Obesity-Causing High Fructose In The Diet, Study Shows
Obesity is one of the biggest threats to people irrespective of age group. Diet and lifestyle are the main contributors that lead to obesity. Calorie intake and consumption are the key factors that affect the accumulation of fat in the body and fructose plays a prime role in the food that has more calories in concerning food.
As per preclinical research led by Weill Cornell Medicine and New York-Presbyterian, consuming sugar seems to modify cells in the digestive system, allowing it to draw in even more vitamins.
Such alterations can underlie the well-known association between increasing sugar intake and growing overweight and rates of cancer across the globe.
The researchers had no intention of studying villi. The club’s earlier work, reported in 2019, demonstrated that eating sugar could enhance tumor size in mice forms of colon cancer and that inhibiting sucrose conversion can avoid this.
The scientists looked at cells from mice fed sucrose or a simple sugar under the lens, thinking that glucose would induce hyperplasia, or faster development, of the small bowel.
“Fructose is structurally different from other sugars like glucose, and it gets metabolized differently,” said senior author Dr.

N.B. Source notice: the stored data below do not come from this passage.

Lemma pos_act_nf_inj I J : sorted nf_rel I -> sorted nf_rel J ->
  pos_act I =1 pos_act J -> I = J.
Proof.
elim: I J => [|a I IH] [|b J] //.
- by move=> _ _ /(_ b) e; have := @pos_act_cons_neq b J b; rewrite -e.
- by move=> _ _ /(_ a) e; have := @pos_act_cons_neq a I a; rewrite e.
move=> sI sJ e; have [ab|ba|ab] := ltngtP a b.
- have [r' e'] := @pos_act_nf_reaches (a :: I) b sI ab.
  by have := @pos_act_cons_neq b J r'; rewrite -e e'.
- have [r' e'] := @pos_act_nf_reaches (b :: J) a sJ ba.
  by have := @pos_act_cons_neq a I r'; rewrite e e'.
subst b; congr (_ :: _).
apply: IH; [exact: path_sorted sI | exact: path_sorted sJ |].
by move=> r; apply: (@merge_list_inj a); exact: e r.
Qed.

Lemma prepend_inj L1 L2 :
  (forall s, (forall k, s k < p) -> prepend L1 s = prepend L2 s) -> L1 = L2.
Proof.
(* The streams 0 0 0 ... and 1 1 1 ... tell apart lists of different
   lengths. *)
have s0 : forall k, (fun _ : nat => 0) k < p by move=> k; lia.
have s1 : forall k, (fun _ : nat => 1) k < p by [].
elim: L1 L2 => [|i L1 IH] [|j L2] // e;
  have /= e0 := congr1 (fun f => f 0) (e _ s0);
  have /= e1 := congr1 (fun f => f 0) (e _ s1); try lia.
rewrite e0; congr (_ :: _); apply: IH => s vs.
apply: functional_extensionality => k.
exact: (congr1 (fun f => f k.+1) (e _ vs)).
Qed.

Lemma act_pos_nf_inj I J : sorted nf_rel I -> sorted nf_rel J ->
  (forall x, valid x -> act (pos I) x = act (pos J) x) -> I = J.
Proof.
move=> sI sJ e; apply: pos_act_nf_inj => // r.
have e_r s : (forall k, s k < p) -> act (pos I) (r, s) = act (pos J) (r, s).
  by move=> vs; exact: e.
have vs0 : forall k, (fun _ : nat => 0) k < p by move=> k; lia.
move: (e_r _ vs0); rewrite !act_pos => -[e1 _].
rewrite [pos_act I r]surjective_pairing [pos_act J r]surjective_pairing e1.
congr (_, _); apply: prepend_inj => s vs.
by move: (e_r _ vs); rewrite !act_pos => -[].
Qed.

End Action.

Lemma star_preserves T (R : T -> T -> Prop) (P : T -> Prop) x y :
  (forall a b, R a b -> P a -> P b) -> star R x y -> P x -> P y.
Proof. by move=> H; elim=> // a b z /H; auto. Qed.

Lemma NF_track_preserves p w t (P : tword -> Prop) :
  (forall s s', rw1 p s s' -> P s -> P s') ->
  (forall s s', rw2 p s s' -> P s -> P s') ->
  NF_track p w t -> P (track w) -> P t.
Proof.
move=> H1 H2 [t1 [st1 _ st2 _]] Pw.
exact: star_preserves H2 st2 (star_preserves H1 st1 Pw).
Qed.

Lemma perm_swap_origins (s1 s2 : tword) e1 e2 f1 f2 :
  f1.2 = e2.2 -> f2.2 = e1.2 ->
  perm_eq (map snd (s1 ++ [:: e1; e2] ++ s2))
          (map snd (s1 ++ [:: f1; f2] ++ s2)).
Proof.
move=> h1 h2; rewrite !map_cat perm_cat2l perm_cat2r /= h1 h2.
by rewrite (perm_catC [:: e1.2] [:: e2.2]).
Qed.

Lemma rw1_perm p s s' : rw1 p s s' -> perm_eq (map snd s) (map snd s').
Proof. by case=> *; apply: perm_swap_origins. Qed.

Lemma rw2_perm p s s' : rw2 p s s' -> perm_eq (map snd s) (map snd s').
Proof. by case=> *; apply: perm_swap_origins. Qed.

Lemma NF_track_origins p w t :
  NF_track p w t -> perm_eq (map snd t) (iota 0 (size w)).
Proof.
move=> nf; pose P (s : tword) := perm_eq (map snd s) (iota 0 (size w)).
apply: (NF_track_preserves (P := P) _ _ nf).
- by move=> s s' /rw1_perm; rewrite perm_sym => /perm_trans; apply.
- by move=> s s' /rw2_perm; rewrite perm_sym => /perm_trans; apply.
by rewrite /P /track -/(unzip2 _) unzip2_zip ?size_iota.
Qed.

Lemma NF_track_size p w t : NF_track p w t -> size t = size w.
Proof.
by move=> /NF_track_origins/perm_size; rewrite size_map size_iota.
Qed.

Lemma NF_track_mem_origin p w t l :
  NF_track p w t -> l < size w -> l \in map snd t.
Proof. by move=> nf lw; rewrite (perm_mem (NF_track_origins nf)) mem_iota. Qed.

Lemma NF_track_tau_lt p w t l :
  NF_track p w t -> l < size w -> tau t l < size t.
Proof.
by move=> nf /(NF_track_mem_origin nf); rewrite -index_mem size_map.
Qed.

Lemma NF_track_act_id p w t x : 1 < p -> eval_is_e p w -> NF_track p w t ->
  valid p x -> act p (map fst t) x = x.
Proof.
move=> p_gt1 ev nf; move: x.
pose P (s : tword) := forall x, valid p x -> act p (map fst s) x = x.
apply: (NF_track_preserves (P := P) _ _ nf).
- by move=> s s' H Hs x v; rewrite -(rw1_act p_gt1 H v) Hs.
- by move=> s s' H Hs x v; rewrite -(rw2_act p_gt1 H v) Hs.
move=> x v; rewrite /track -/(unzip1 _) unzip1_zip ?size_iota //.
exact: (geq_act p_gt1 ev v).
Qed.

Definition tracks_min (w : word) (c : nat) (e : letter * nat) :=
  (c <= e.1.1) && ((e.1.1 == c) == (idx w e.2 == c)).

Lemma tracks_min_raise w c a sg o b sg' :
  tracks_min w c ((a, sg), o) -> c < a -> c < b -> tracks_min w c ((b, sg'), o).
Proof.
rewrite /tracks_min /= => /andP[_ /eqP e] ca cb.
by rewrite gtn_eqF // in e; rewrite -e gtn_eqF // eqxx andbT ltnW.
Qed.

Lemma rw1_tracks_min p w c s s' : 0 < p -> rw1 p s s' ->
  all (tracks_min w c) s -> all (tracks_min w c) s'.
Proof.
move=> p_gt0; case=> [s1 s2 a b o1 o2 H|s1 s2 a b o1 o2 H|s1 s2 a o1 o2];
  rewrite !all_cat /= !andbT => /and3P[-> /andP[g1 g2] ->] /=; rewrite ?andbT.
- have /andP[/= cb _] := g2; rewrite g2 /=.
  by apply: tracks_min_raise g1 _ _; lia.
- have /andP[/= ca _] := g1; rewrite g1 andbT.
  by apply: tracks_min_raise g2 _ _; lia.
- by rewrite g1 g2.
Qed.

Lemma rw2_tracks_min p w c s s' : 0 < p -> rw2 p s s' ->
  all (tracks_min w c) s -> all (tracks_min w c) s'.
Proof.
move=> p_gt0; case=> [s1 s2 a b o1 o2 H|s1 s2 a b o1 o2 H];
  rewrite !all_cat /= !andbT => /and3P[-> /andP[g1 g2] ->] /=; rewrite ?andbT.
- have /andP[/= ca _] := g1; rewrite g1 andbT.
  by apply: tracks_min_raise g2 _ _; lia.
- have /andP[/= cb _] := g2; rewrite g2 /=.
  by apply: tracks_min_raise g1 _ _; lia.
Qed.

Lemma imin_le w l : l < size w -> imin w <= idx w l.
Proof.
move=> lw; rewrite /imin /idx.
have : (nth (0, true) w l).1 \in map fst w.
  by rewrite -(nth_map _ 0) ?mem_nth ?size_map.
elim: (map fst w) (head 0 (map fst w)) => //= x L IH d.
rewrite in_cons => /orP[/eqP ->|/IH H]; first exact: geq_minl.
exact: leq_trans (geq_minr _ _) (H d).
Qed.

Lemma NF_track_tracks_min p w t : 0 < p -> NF_track p w t ->
  all (tracks_min w (imin w)) t.
Proof.
move=> p_gt0 nf.
apply: (NF_track_preserves (P := all (tracks_min w (imin w))) _ _ nf).
- by move=> s s'; apply: rw1_tracks_min.
- by move=> s s'; apply: rw2_tracks_min.
apply/(all_nthP ((0, true), 0)) => i.
rewrite /track size_zip size_iota minnn => iw.
rewrite (nth_zip (0, true) 0) ?size_iota // nth_iota // add0n /tracks_min /=.
by rewrite imin_le //= eqxx.
Qed.

Definition ixs (t : tword) : seq nat := map (fun e => e.1.1) t.
Definition signs (t : tword) : seq bool := map (fun e => e.1.2) t.

Lemma NF_track_idx_min p w t l : 0 < p -> NF_track p w t -> l < size w ->
  (idx w l == imin w) = (nth 0 (ixs t) (tau t l) == imin w).
Proof.
move=> p_gt0 nf lw; have lt := NF_track_tau_lt nf lw.
rewrite /ixs (nth_map ((0, true), 0)) //.
have /andP[_ /eqP ->] :=
  allP (NF_track_tracks_min p_gt0 nf) _ (mem_nth ((0, true), 0) lt).
by rewrite -(nth_map _ 0) // nth_index // (NF_track_mem_origin nf).
Qed.

Lemma rw1_cat p u v s s' : rw1 p s s' -> rw1 p (u ++ s ++ v) (u ++ s' ++ v).
Proof.
case=> [s1 s2 a b o1 o2 H|s1 s2 a b o1 o2 H|s1 s2 a o1 o2]; rewrite -!catA.
- by move: (rw1_gt p (u ++ s1) (s2 ++ v) o1 o2 H); rewrite -!catA.
- by move: (rw1_lt p (u ++ s1) (s2 ++ v) o1 o2 H); rewrite -!catA.
- by move: (rw1_eq p (u ++ s1) (s2 ++ v) a o1 o2); rewrite -!catA.
Qed.

Lemma rw2_cat p u v s s' : rw2 p s s' -> rw2 p (u ++ s ++ v) (u ++ s' ++ v).
Proof.
case=> [s1 s2 a b o1 o2 H|s1 s2 a b o1 o2 H]; rewrite -!catA.
- by move: (rw2_pos (u ++ s1) (s2 ++ v) o1 o2 H); rewrite -!catA.
- by move: (rw2_neg (u ++ s1) (s2 ++ v) o1 o2 H); rewrite -!catA.
Qed.

Lemma irreducible_rw1_infix p u s v :
  irreducible (rw1 p) (u ++ s ++ v) -> irreducible (rw1 p) s.
Proof. by move=> irr s' /(rw1_cat u v); apply: irr. Qed.

Lemma irreducible_rw2_infix p u s v :
  irreducible (rw2 p) (u ++ s ++ v) -> irreducible (rw2 p) s.
Proof. by move=> irr s' /(rw2_cat u v); apply: irr. Qed.

Definition pos_before (b1 b2 : bool) := b2 ==> b1.

Lemma irreducible_rw1_signs p t :
  irreducible (rw1 p) t -> sorted pos_before (signs t).
Proof.
elim: t => [|e1 t IH] //= irr.
have irr_t : irreducible (rw1 p) t.
  by apply: (@irreducible_rw1_infix p [:: e1] t [::]); rewrite cats0.
case: t irr irr_t IH => [|e2 t] //= irr irr_t IH.
apply/andP; split; last exact: IH.
case: e1 e2 {irr_t IH} irr => [[a [|]] o1] [[b [|]] o2] //= irr.
have [ba|ab|ab] := ltngtP b a.
- by case: (irr _ (rw1_gt p [::] t o1 o2 ba)).
- by case: (irr _ (rw1_lt p [::] t o1 o2 ab)).
- by subst b; case: (irr _ (rw1_eq p [::] t a o1 o2)).
Qed.

Lemma rw2_signs p s s' : rw2 p s s' -> signs s' = signs s.
Proof. by case=> *; rewrite /signs !map_cat. Qed.

Lemma sorted_signs_cat t : sorted pos_before (signs t) ->
  exists P N,
    [/\ t = P ++ N, all (fun e => e.1.2) P & all (fun e => ~~ e.1.2) N].
Proof.
elim: t => [|e t IH] st; first by exists [::], [::].
case: (boolP e.1.2) => es.
  have [P [N [-> aP aN]]] := IH (path_sorted st).
  by exists (e :: P), N; rewrite /= es.
exists [::], (e :: t); split => //=; rewrite es /=.
have pos_before_trans : transitive pos_before by move=> [] [] [].
have := order_path_min pos_before_trans st; rewrite /signs all_map.
by apply: sub_all => f /=; rewrite /pos_before (negbTE es) implybF.
Qed.

Lemma irreducible_rw2_pos p P : all (fun e => e.1.2) P ->
  irreducible (rw2 p) P -> sorted (nf_rel p) (ixs P).
Proof.
elim: P => [|e1 P IH] //= /andP[s1 aP] irr.
have irrP : irreducible (rw2 p) P.
  by apply: (@irreducible_rw2_infix p [:: e1] P [::]); rewrite cats0.
case: P aP irr irrP IH => [|e2 P] //= /andP[s2 aP] irr irrP IH.
apply/andP; split; last by apply: IH; rewrite //= s2.
move: e1 e2 s1 s2 {irrP IH} irr => [[a []] o1] [[b []] o2] //= _ _ irr.
rewrite /nf_rel ltnNge; apply/negP => ab.
exact: irr _ (rw2_pos [::] P o1 o2 ab).
Qed.

Lemma irreducible_rw2_neg p N : all (fun e => ~~ e.1.2) N ->
  irreducible (rw2 p) N -> sorted (nf_rel p) (rev (ixs N)).
Proof.
rewrite rev_sorted; elim: N => [|e1 N IH] //= /andP[s1 aN] irr.
have irrN : irreducible (rw2 p) N.
  by apply: (@irreducible_rw2_infix p [:: e1] N [::]); rewrite cats0.
case: N aN irr irrN IH => [|e2 N] //= /andP[s2 aN] irr irrN IH.
apply/andP; split; last by apply: IH; rewrite //= s2.
move: e1 e2 s1 s2 {irrN IH} irr => [[a []] o1] [[b []] o2] //= _ _ irr.
rewrite /nf_rel ltnNge; apply/negP => ba.
exact: irr _ (rw2_neg [::] N o1 o2 ba).
Qed.

Lemma map_fst_pos (P : tword) :
  all (fun e => e.1.2) P -> map fst P = pos (ixs P).
Proof.
move=> aP; rewrite /pos /ixs -map_comp; apply/eq_in_map.
by move=> -[[a []] o] // /(allP aP).
Qed.

Lemma map_fst_neg (N : tword) :
  all (fun e => ~~ e.1.2) N -> map fst N = neg (ixs N).
Proof.
move=> aN; rewrite /neg /ixs -map_comp; apply/eq_in_map.
by move=> -[[a []] o] // /(allP aN).
Qed.

Lemma ixs_palindrome p t : 1 < p ->
  (forall x, valid p x -> act p (map fst t) x = x) ->
  sorted pos_before (signs t) -> irreducible (rw2 p) t -> rev (ixs t) = ixs t.
Proof.
move=> p_gt1 act_id /sorted_signs_cat [P [N [tPN aP aN]]]; subst t => irr.
have irrP : irreducible (rw2 p) P by exact: (@irreducible_rw2_infix p [::] P N).
have irrN : irreducible (rw2 p) N.
  by apply: (@irreducible_rw2_infix p P N [::]); rewrite cats0.
have same_act x :
    valid p x -> act p (pos (ixs P)) x = act p (pos (rev (ixs N))) x.
  move=> v; rewrite -{1}(act_neg_pos (ixs N) v) -act_cat.
  rewrite -(map_fst_pos aP) -(map_fst_neg aN) -map_cat act_id //.
  exact: act_valid.
have := act_pos_nf_inj p_gt1 (irreducible_rw2_pos aP irrP)
  (irreducible_rw2_neg aN irrN) same_act.
by rewrite /ixs map_cat -/(ixs P) -/(ixs N) => ->; rewrite rev_cat revK.
Qed.

Lemma NF_track_palindrome p w t : 1 < p -> eval_is_e p w -> NF_track p w t ->
  rev (ixs t) = ixs t.
Proof.
move=> p_gt1 ev nf; have [t1 [_ irr1 st2 irr2]] := nf.
apply: ixs_palindrome p_gt1 (fun x => NF_track_act_id p_gt1 ev nf) _ irr2.
apply: (star_preserves (P := fun s => sorted pos_before (signs s)) _ st2).
  by move=> a b /rw2_signs ->.
exact: irreducible_rw1_signs irr1.
Qed.

Theorem mainTheorem4 (p : nat) (w : word) (t : tword) (l m : nat) :
  2 <= p ->
  eval_is_e p w ->
  NF_track p w t ->
  pi_block w t l m ->
  (idx w l == imin w) = (idx w m == imin w).
Proof.
move=> p_gt1 ev nf /and3P[lw mw /eqP mirror].
have p_gt0 : 0 < p by exact: ltnW.
rewrite !(NF_track_idx_min p_gt0 nf) //.
rewrite -[in RHS](NF_track_palindrome p_gt1 ev nf) nth_rev; last first.
  by rewrite size_map (NF_track_tau_lt nf).
by rewrite size_map (NF_track_size nf); congr (nth _ _ _ == _); lia.
Qed.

Marcus DaSilva Goncalves, the Ralph L. Nachman Research Scholar, an assistant professor of medicine in the Division of Endocrinology.
Diabetes and Metabolism and an endocrinologist at New York-Presbyterian/Weill Cornell Medical Center. “Our research has found that fructose’s primary metabolite promotes the elongation of villi and supports intestinal tumor growth.”

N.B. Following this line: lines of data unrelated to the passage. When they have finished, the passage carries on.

(* Let $B_{\mathrm{unl}}(x,y)=\sum_{i,j\ge0}b_{i,j}x^iy^j$, where $b_{i,j}$ is the number of isomorphism classes of bicoloured graphs with $i$ vertices in the first colour class and $j$ in the second, and let $T_{\mathrm{unl}}(x,y)=\sum_{i,j\ge0}\tau_{i,j}x^iy^j$, where $\tau_{i,j}$ is the number of isomorphism classes of tangles with $i$ vertices in the first colour class and $j$ in the second. Then \[T_{\mathrm{unl}}(x,y)=1-x-y-B_{\mathrm{unl}}(x,y)^{-1}.\]
   Context: A bicoloured graph is a triple $G=(V_1,V_2,E)$ with $V_1,V_2$ disjoint finite sets (ordered colour classes) and $E\subseteq V_1\times V_2$; isomorphisms are graph isomorphisms mapping $V_1$ to $V_1$ and $V_2$ to $V_2$. For a vertex $u$ let $N(u)$ be its set of neighbours. $G$ is called a tangle if $|V_1|\ge2$, $|V_2|\ge2$, the graph on $V_2$ joining $a,b$ whenever neither of $N(a),N(b)$ contains the other is connected, and the graph on $V_1$ defined by the same rule is connected. (Equivalently, viewing $G$ as the poset on $V_1\cup V_2$ with $u<w$ iff $u\in V_1,w\in V_2$, $(u,w)\in E$, the whole poset is a single tangle, i.e. a component of $(2+2)$-connectedness with top $V_2$ and bottom $V_1$.) *)

From HB Require Import structures.
From mathcomp Require Import all_boot all_order all_algebra.
From mathcomp Require Import all_fingroup.
Set Implicit Arguments. Unset Strict Implicit. Unset Printing Implicit Defensive.
Import GRing.Theory Num.Theory.

(* A bicoloured graph with i vertices in the first colour class V1 = 'I_i and
   j vertices in the second colour class V2 = 'I_j is an edge set E ⊆ V1 × V2. *)
Definition bigraph (i j : nat) := {set 'I_i * 'I_j}.

Definition bi_iso (i j : nat) (G H : bigraph i j) : bool :=
  [exists s : {perm 'I_i}, exists t : {perm 'I_j},
     [forall u : 'I_i, forall w : 'I_j, ((u, w) \in G) == ((s u, t w) \in H)]].
Lemma Re_sample_ge k : tau / (1 + b) ^+ 2 <= 'Re (h.[w k] * w k / (w k - v)).
Proof.
pose d := 1 - z0 * w k.
have norm_d : `|d| <= 1 + b.
  by rewrite (le_trans (ler_normB _ _)) // normr1 normrM norm_w.
have d_gt0 : 0 < `|d|.
  rewrite normr_gt0 subr_eq0; apply: contraTneq b_gt1 => d0.
  by rewrite /b -(norm_w k) -normrM -d0 normr1 ltxx.
have recip_eq : Q.[(w k)^-1] * ((w k)^-1 - z0) / (w k)^-1 ^+ n = d * h.[w k].
  rewrite exprVn invrK mulrAC horner_recip_poly // /d; field; exact: w_neq0.
have term_eq : h.[w k] * w k / (w k - v) = d * h.[w k] / `|d| ^+ 2.
  rewrite [d * _]mulrC -[RHS]mulrA div_sqr_norm_sub1M ?(w_neq0 k) -?normr_gt0 //.
  by rewrite (norm_w k) [RHS]mulrA.
rewrite term_eq -recip_eq ReMr ?rpredV ?rpredX ?normr_real //.
have d_le : `|d| ^+ 2 <= (1 + b) ^+ 2.
  by apply: lerXn2r; rewrite ?nnegrE // (le_trans _ norm_d).
apply: (@le_trans _ _ (tau / `|d| ^+ 2)).
  by rewrite ler_pM2l // lef_pV2 ?posrE ?exprn_gt0 ?d_le // (lt_le_trans d_gt0 norm_d).
rewrite ler_pM2r ?invr_gt0 ?exprn_gt0 //; apply: Re_ge.
by rewrite normfV norm_w invrK.
Qed.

According to Taylor, the observations in mice make sense from an evolutionary perspective. “In mammals, especially hibernating mammals in temperate climates, you have fructose being very available in the fall months when the fruit is ripe,” he said. “Eating a lot of fructose may help these animals to absorb and convert more nutrients to fat, which they need to get through the winter.”
After noticing that the villi are larger, the researchers sought to see if they are operating properly. As a result, scientists divided mice into 3 parts: reduced, elevated, and large with additional sugar.
The mice and in the third category just only developed larger villi, but they also grew more overweight than the animals on the high-fat, low-fructose diets.
Dr. Goncalves added that humans did not evolve to eat what they eat now. “Fructose is nearly ubiquitous in modern diets, whether it comes from high-fructose corn syrup, table sugar, or from natural foods like fruit,” he said. “Fructose itself is not harmful. It’s a problem of overconsumption. Our bodies were not designed to eat as much of it as we do.”
Future research will aim to confirm that the findings in mice translate to humans. “There are already drugs in clinical trials for other purposes that target the enzyme responsible for producing fructose-1-phosphate,” said Dr. Goncalves,
who is also a member of the Sandra and Edward Meyer Cancer Center. “We’re hoping to find a way to repurpose them to shrink the villi, reduce fat absorption, and possibly slow tumor growth.”